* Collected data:
Lemma pow_sqr_mul_decay r M : 0 < r < 1 ->
  exists K, (M <= K)%nat /\ (r ^ 2) ^ K * (2 * INR K + 1 / 2) <= 1.
Proof.
  intros Hr. set (s := 1 - r). assert (Hs : 0 < s <= 1) by (unfold s; lra).
  destruct (pow_lt_1_zero r ltac:(rewrite Rabs_right; lra) (s / 3) ltac:(lra)) as [N0 HN0].
  exists (Nat.max M N0). split; [lia|]. set (K := Nat.max M N0).
  set (p := r ^ K). assert (Hp : 0 <= p) by (apply pow_le; lra).
  assert (Hsmall : 3 * p < s).
  { specialize (HN0 K ltac:(lia)). rewrite Rabs_right in HN0 by (apply Rle_ge, pow_le; lra).
    fold p in HN0. lra. }
  assert (HKp : INR K * p * s <= 1).
  { pose proof (pow_one_minus_mul_le s K ltac:(lra)) as Hb.
    replace (1 - s) with r in Hb by (unfold s; ring). fold p in Hb. nra. }
  rewrite <- pow_sqr_comm. fold p.
  assert (p * (INR K * p) * 3 <= 1) by (pose proof (pos_INR K); nra).
  nra.
Qed.

Section NegativeDirection.
Variables c1 c2 : R.
Hypothesis hs : Rabs c1 + Rabs c2 = 1.
Notation lam := (lam c1 c2).

Lemma lam_abs_even k : Rabs (lam (2 * k)) = Rabs c1 * (2 * INR k + 1).
Proof.
  unfold lam, cseq. rewrite Nat.even_even, Rabs_mult, INR_succ_double, (Rabs_right (2 * _ + 1));
    [reflexivity|]. pose proof (pos_INR k). lra.
Qed.

Lemma lam_abs_odd k : Rabs (lam (S (2 * k))) = Rabs c2 * (2 * INR k + 2).
Proof.
  unfold lam, cseq. replace (S (S (2 * k))) with (2 * S k)%nat by lia.
  rewrite even_succ_double, Rabs_mult, INR_double_succ, (Rabs_right (2 * _ + 2));
    [reflexivity|]. pose proof (pos_INR k). lra.
Qed.

Definition trial (r : R) (K : nat) (i : nat) : R :=
  sign_chain lam i * interleave c1 c2 (trunc K (pow r)) i.

Lemma trial_supported r K : supported (2 * K) (trial r K).
Proof.
  intros i Hi. unfold trial.
  rewrite (interleave_supported c1 c2 K); [ring | apply trunc_supported | exact Hi].
Qed.

Lemma trial_term_le r K k : 0 < r < 1 -> (k < K)%nat ->
  (2 * INR k + 1 / 2) * trunc (S K) (pow r) k ^ 2
  - coupling c1 c2 (trunc (S K) (pow r)) k ^ 2 / odd_weight k <=
  (r ^ 2) ^ k * (- 2 * Rabs c2 + 4 * Rabs c2 * (INR k + 1) * (1 - r) + 2 * (1 - r)
                 - ((Rabs c1 - Rabs c2) / 2) ^ 2 / odd_weight k).
Proof.
  intros Hr Hk.
  assert (HB : 0 <= Rabs c2 <= 1) by (pose proof (Rabs_pos c1); pose proof (Rabs_pos c2); lra).
  assert (Hc : coupling c1 c2 (trunc (S K) (pow r)) k
               = r ^ k * (Rabs c1 * (2 * INR k + 1) + Rabs c2 * (2 * INR k + 2) * r)).
  { unfold coupling. rewrite lam_abs_even, lam_abs_odd, !trunc_lt by lia. simpl. ring. }
  rewrite Hc, trunc_lt, Rpow_mult_distr, pow_sqr_comm by lia.
  pose proof (pos_INR k). pose proof (odd_weight_pos k).
  eapply Rle_trans;
    [| apply Rmult_le_compat_l;
       [apply pow_le, pow2_ge_0 | exact (pair_term_le _ _ r (INR k) hs HB ltac:(lra) ltac:(lra))]].
  right. unfold odd_weight. field. lra.
Qed.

* Task item: Scan the records above for the word "cseq" and return every line where it occurs.

* Exercise solution:
  unfold lam, cseq. rewrite Nat.even_even, Rabs_mult, INR_succ_double, (Rabs_right (2 * _ + 1));
  unfold lam, cseq. replace (S (S (2 * k))) with (2 * S k)%nat by lia.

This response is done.